▶ **Exercise details**
Check every line of the data below for the word "case", then give only the number of lines that have it.

▶ **Material for the task**
(* Let $0\le\theta\le1$, let $K\subset\mathbb{C}^d$ be compact and $\mu$ a Borel probability measure with support in $K$ such that $(K,\mu)$ satisfies the Bernstein–Markov property for $\theta$-incomplete polynomials. Then for every $\epsilon>0$ there exists $C>0$ such that for all $N$ and all $z\in\mathbb{C}^d$, $$\frac{(\Phi_{K,\theta,N}(z))^2}{d(N,\theta)}\le K_{N,\theta}(z,z)\le Ce^{\epsilon N}(\Phi_{K,\theta,N}(z))^2\,d(N,\theta).$$
   Context: $\pi_{N,\theta}$ is the space of polynomials $\sum_{|\alpha|=\lceil N\theta\rceil}^Nc_\alpha z^\alpha$ on $\mathbb{C}^d$, of dimension $d(N,\theta)$. $(K,\mu)$ satisfies the Bernstein–Markov property for $\theta$-incomplete polynomials if for every $\epsilon>0$ there is $C>0$ with $\|P\|_K\le Ce^{\epsilon N}\|P\|_{L^2(\mu)}$ for all $P\in\pi_{N,\theta}$, all $N\ge0$. $\Phi_{K,\theta,N}(z)=\sup\{|f(z)|:f\in\pi_{N,\theta},\ \|f\|_K\le1\}$. If $\{P_j\}_{j=1}^{d(N,\theta)}$ is an orthonormal basis of $\pi_{N,\theta}$ for $\langle f,g\rangle=\int f\bar g\,d\mu$, then $K_{N,\theta}(z,w)=\sum_jP_j(z)\overline{P_j(w)}$. *)

(* C^d is modelled by the real 2 x d
   matrices (row 0 = real parts, row 1 = imaginary parts) with their
   Euclidean (product) topology; complex numbers are R[i] (real_closed);
   polynomials on C^d are multinomials' {mpoly R[i][d]} (qualified names). *)
From HB Require Import structures.
From mathcomp Require Import all_boot all_order all_algebra.
From mathcomp Require Import all_classical all_reals all_analysis.
From mathcomp Require Import complex.
From mathcomp Require mpoly.
Import (canonicals, coercions) mpoly.
Set Implicit Arguments. Unset Strict Implicit. Unset Printing Implicit Defensive.
Import Order.TTheory GRing.Theory Num.Theory.
Import numFieldNormedType.Exports.
Local Open Scope classical_set_scope.
Local Open Scope ring_scope.

Section Defs.
Variables (R : realType) (d : nat).

Definition Cd := 'M[R]_(2, d).
Definition CdB := g_sigma_algebraType (@open Cd).

Definition coord (z : Cd) : 'I_d -> R[i] :=
  fun j => (z ord0 j +i* z ord_max j)%C.

Definition cmod (c : R[i]) : R :=
  Num.sqrt (complex.Re c ^+ 2 + complex.Im c ^+ 2).

Local Notation cpoly := (mpoly.mpoly d R[i]).

Definition peval (P : cpoly) (z : Cd) : R[i] := mpoly.meval (coord z) P.

Definition in_pi (N : nat) (theta : R) (P : cpoly) : Prop :=
  forall m : mpoly.multinom d, mpoly.mcoeff m P != 0 ->
    (Num.ceil (N%:R * theta) <= (mpoly.mdeg m)%:Z) && (mpoly.mdeg m <= N)%N.

(* d(N,theta) = dim pi_{N,theta} = number of multi-indices alpha in N^d with
   ceil(N theta) <= |alpha| <= N (each alpha_i <= N) *)
Definition dNtheta (N : nat) (theta : R) : nat :=
  #|[set a : {ffun 'I_d -> 'I_N.+1} |
     (Num.ceil (N%:R * theta) <= (\sum_i (a i : nat))%:Z) &&
     (\sum_i (a i : nat) <= N)%N]|.

Definition supnorm (K : set Cd) (f : Cd -> R[i]) : R :=
  sup [set cmod (f z) | z in K].

Definition cint (mu : probability CdB R) (h : Cd -> R[i]) : R[i] :=
  (Rintegral mu setT (fun z : CdB => complex.Re (h z))
   +i* Rintegral mu setT (fun z : CdB => complex.Im (h z)))%C.

Definition inner (mu : probability CdB R) (f g : Cd -> R[i]) : R[i] :=
  cint mu (fun z => f z * conjc (g z)).

Definition L2norm (mu : probability CdB R) (f : Cd -> R[i]) : R :=
  Num.sqrt (fine (\int[mu]_(z in setT) ((cmod (f (z : CdB))) ^+ 2)%:E)).

Definition BM_theta (K : set Cd) (mu : probability CdB R) (theta : R) : Prop :=
  forall eps : R, 0 < eps -> exists C : R, 0 < C /\
    forall (N : nat) (P : cpoly), in_pi N theta P ->
      supnorm K (peval P) <= C * expR (eps * N%:R) * L2norm mu (peval P).

Definition Phi (K : set Cd) (theta : R) (N : nat) (z : Cd) : R :=
  sup [set cmod (peval P z) | P in
         [set P : cpoly | in_pi N theta P /\ supnorm K (peval P) <= 1]].

Definition is_onb (mu : probability CdB R) (N : nat) (theta : R) (n : nat)
    (B : 'I_n -> cpoly) : Prop :=
  [/\ forall j, in_pi N theta (B j),
      forall i j, inner mu (peval (B i)) (peval (B j)) = (i == j)%:R
    & forall P, in_pi N theta P ->
        exists c : 'I_n -> R[i], P = \sum_j c j *: B j].

Definition KNtheta (n : nat) (B : 'I_n -> cpoly) (z w : Cd) : R[i] :=
  \sum_j peval (B j) z * conjc (peval (B j) w).

End Defs.
Notation cpoly R d := (mpoly.mpoly d R[i]).

(* Expanding an admissible P (|P| <= 1 on K) in the orthonormal basis,
   P = sum_j c_j P_j, the coefficients satisfy sum_j |c_j|^2 = ||P||_{L^2(mu)}^2
   <= 1 since mu is a probability measure carried by K; Cauchy-Schwarz then gives
   |P(z)|^2 <= K_N(z,z), whence Phi(z)^2 <= K_N(z,z).  Conversely each basis
   element satisfies |P_j(z)| <= Phi(z) ||P_j||_K <= Phi(z) C e^{eps N / 2}
   ||P_j||_{L^2(mu)} by the Bernstein-Markov property, and summing the d(N,theta)
   squares gives the upper bound. *)

From HB Require Import structures.
From mathcomp Require Import all_boot all_order all_algebra.
From mathcomp Require Import all_classical all_reals all_analysis.
From mathcomp Require Import complex.
From mathcomp Require Import measurable_realfun.
From mathcomp Require Import ring lra.
From mathcomp Require mpoly.
Import (canonicals, coercions) mpoly.
Import Order.TTheory GRing.Theory Num.Theory.
Import numFieldNormedType.Exports.
Local Open Scope classical_set_scope.
Local Open Scope ring_scope.
Set Implicit Arguments. Unset Strict Implicit. Unset Printing Implicit Defensive.

Lemma sqr_sum_mul_le (F : realDomainType) (I : finType) (x y : I -> F) :
  (\sum_i x i * y i) ^+ 2 <= (\sum_i x i ^+ 2) * (\sum_i y i ^+ 2).
Proof.
have lagrange : \sum_i \sum_j (x i * y j - x j * y i) ^+ 2 =
    2 * ((\sum_i x i ^+ 2) * (\sum_i y i ^+ 2) - (\sum_i x i * y i) ^+ 2).
  have expand i j : (x i * y j - x j * y i) ^+ 2 =
      (x i ^+ 2 * y j ^+ 2 + y i ^+ 2 * x j ^+ 2) - 2 * ((x i * y i) * (x j * y j)).
    by ring.
  under eq_bigr do under eq_bigr do rewrite expand.
  under eq_bigr do rewrite sumrB big_split /= -!mulr_sumr.
  rewrite sumrB big_split /= -!mulr_suml -mulr_sumr -mulr_suml expr2; ring.
have : 0 <= \sum_i \sum_j (x i * y j - x j * y i) ^+ 2.
  by apply: sumr_ge0 => i _; apply: sumr_ge0 => j _; exact: sqr_ge0.
by rewrite lagrange pmulr_rge0 // subr_ge0.
Qed.

Section ComplexModulus.
Variable R : realType.
Implicit Types (a b c : R[i]) (r : R).

Lemma cmod_ge0 c : 0 <= cmod c.
Proof. exact: sqrtr_ge0. Qed.

Lemma cmodE c : cmod c = Normc.normc c.
Proof. by case: c. Qed.

Lemma cmodM a b : cmod (a * b) = cmod a * cmod b.
Proof. by rewrite !cmodE Normc.normcM. Qed.

Lemma cmodD a b : cmod (a + b) <= cmod a + cmod b.
Proof. by rewrite !cmodE; exact: le_normcD. Qed.

Lemma cmod0 : cmod (0 : R[i]) = 0.
Proof. by rewrite /cmod /= expr0n /= addr0 sqrtr0. Qed.

Lemma cmod_real r : cmod r%:C%C = `|r|.
Proof. by rewrite /cmod /= expr0n /= addr0 sqrtr_sqr. Qed.

Lemma cmod_sum (I : Type) (s : seq I) (F : I -> R[i]) :
  cmod (\sum_(i <- s) F i) <= \sum_(i <- s) cmod (F i).
Proof.
elim: s => [|a s IH]; first by rewrite !big_nil cmod0.
by rewrite !big_cons; apply: le_trans (cmodD _ _) _; exact: lerD.
Qed.

Lemma sqr_cmod c : cmod c ^+ 2 = complex.Re (c * conjc c).
Proof.
case: c => a b /=; rewrite sqr_sqrtr ?addr_ge0 ?sqr_ge0 //.
by rewrite mulrN opprK !expr2.
Qed.

End ComplexModulus.

Section ComplexContinuity.
Variables (T : topologicalType) (R : realType).
Implicit Types (f g : T -> R[i]).

(* R[i] carries no topology here, so continuity of complex-valued maps is
   taken componentwise. *)
Definition ccontinuous f :=
  continuous (fun x => complex.Re (f x)) /\ continuous (fun x => complex.Im (f x)).

Lemma ccontinuous_cst (c : R[i]) : ccontinuous (fun=> c).
Proof. by split; exact: cst_continuous. Qed.

Lemma ccontinuousD f g : ccontinuous f -> ccontinuous g ->
  ccontinuous (fun x => f x + g x).
Proof.
move=> [f1 f2] [g1 g2]; split=> x; under eq_fun do rewrite raddfD.
- exact: continuousD (f1 x) (g1 x).
- exact: continuousD (f2 x) (g2 x).
Qed.

Lemma ccontinuousM f g : ccontinuous f -> ccontinuous g ->
  ccontinuous (fun x => f x * g x).
Proof.
move=> [f1 f2] [g1 g2]; split=> x.
- have -> : (fun x => complex.Re (f x * g x)) =
      fun x => complex.Re (f x) * complex.Re (g x) - complex.Im (f x) * complex.Im (g x).
    by apply: funext => y; case: (f y); case: (g y).
  exact: continuousB (continuousM (f1 x) (g1 x)) (continuousM (f2 x) (g2 x)).
- have -> : (fun x => complex.Im (f x * g x)) =
      fun x => complex.Re (f x) * complex.Im (g x) + complex.Im (f x) * complex.Re (g x).
    by apply: funext => y; case: (f y) => a b; case: (g y) => c e /=; rewrite [b * c]mulrC.
  exact: continuousD (continuousM (f1 x) (g2 x)) (continuousM (f2 x) (g1 x)).
Qed.

Lemma ccontinuousJ f : ccontinuous f -> ccontinuous (fun x => conjc (f x)).
Proof.
move=> [f1 f2]; split=> x.
- have -> : (fun x => complex.Re (conjc (f x))) = fun x => complex.Re (f x).
    by apply: funext => y; case: (f y).
  exact: f1.
- have -> : (fun x => complex.Im (conjc (f x))) = fun x => - complex.Im (f x).
    by apply: funext => y; case: (f y).
  exact: continuousN (f2 x).
Qed.

Lemma ccontinuous_sum (I : Type) (s : seq I) (F : I -> T -> R[i]) :
  (forall i, ccontinuous (F i)) -> ccontinuous (fun x => \sum_(i <- s) F i x).
Proof.
move=> cF; elim: s => [|a s IH].
  by under eq_fun do rewrite big_nil; exact: ccontinuous_cst.
by under eq_fun do rewrite big_cons; exact: ccontinuousD.
Qed.

Lemma ccontinuous_prod (I : Type) (s : seq I) (F : I -> T -> R[i]) :
  (forall i, ccontinuous (F i)) -> ccontinuous (fun x => \prod_(i <- s) F i x).
Proof.
move=> cF; elim: s => [|a s IH].
  by under eq_fun do rewrite big_nil; exact: ccontinuous_cst.
by under eq_fun do rewrite big_cons; exact: ccontinuousM.
Qed.

Lemma ccontinuousX f n : ccontinuous f -> ccontinuous (fun x => f x ^+ n).
Proof.
move=> cf; elim: n => [|n IH]; first exact: ccontinuous_cst.
by under eq_fun do rewrite exprS; exact: ccontinuousM.
Qed.

End ComplexContinuity.

Lemma ccontinuous_peval (R : realType) (d : nat) (P : cpoly R d) :
  ccontinuous (peval P).
Proof.
apply: ccontinuous_sum => m; apply: ccontinuousM; first exact: ccontinuous_cst.
apply: ccontinuous_prod => j; apply: ccontinuousX.
by split; exact: coord_continuous.
Qed.

Lemma bounded_continuous_on_compact (T : topologicalType) (R : realType)
    (K : set T) (f : T -> R) :
  compact K -> continuous f -> exists M, forall x, K x -> `|f x| <= M.
Proof.
move=> cK cf.
have /compact_bounded : compact (f @` K).
  by apply: continuous_compact => //; exact: continuous_subspaceT.
rewrite /bounded_near => /pinfty_ex_gt0 [M _ fKM].
by exists M => x Kx; apply: fKM; exists x.
Qed.

Section BorelCd.
Variables (R : realType) (d : nat).

Lemma continuous_measurable_fun (f : Cd R d -> R) : continuous f ->
  measurable_fun setT (f : CdB R d -> R).
Proof.
move=> /continuousP cf.
apply: (measurability _ (RGenOpens.measurableE R)).
move=> _ [_ [a [b ->] <-]]; rewrite setTI; apply: sub_sigma_algebra.
exact/cf/interval_open.
Qed.

Lemma compact_measurable (K : set (Cd R d)) : compact K ->
  measurable (K : set (CdB R d)).
Proof.
move=> cK; have cl : closed K by apply: compact_closed cK; exact: norm_hausdorff.
rewrite -[K]setCK; apply: measurableC; apply: sub_sigma_algebra; exact: closed_openC.
Qed.

End BorelCd.

Section CompactlySupportedProbability.
Variables (R : realType) (d : nat) (K : set (Cd R d)) (mu : probability (CdB R d) R).
Hypotheses (cK : compact K) (muCK : mu (~` K) = 0%E).

Lemma support_nonempty : K !=set0.
Proof.
apply/set0P/negP => /eqP K0.
have := probability_setT mu; rewrite -setC0 -K0 muCK => /esym/eqP.
by rewrite eqe oner_eq0.
Qed.

Lemma continuous_integrable (f : CdB R d -> R) : continuous (f : Cd R d -> R) ->
  mu.-integrable setT (EFin \o f).
Proof.
move=> cf.
have mK := compact_measurable cK.
have mf := continuous_measurable_fun cf.
have mEf : measurable_fun setT (EFin \o f) by exact/measurable_EFinP.
apply/(negligible_integrable (measurableC mK) measurableT mEf muCK).
rewrite setTD setCK; apply: measurable_bounded_integrable => //.
- by rewrite (le_lt_trans (probability_le1 _ mK)) // ltry.
- exact: measurable_funS mf.
have [M fM] := bounded_continuous_on_compact cK cf.
exists M; split; first exact: num_real.
by move=> y My x Kx /=; rewrite (le_trans (fM x Kx)) // ltW.
Qed.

▶ **Response to the task**
6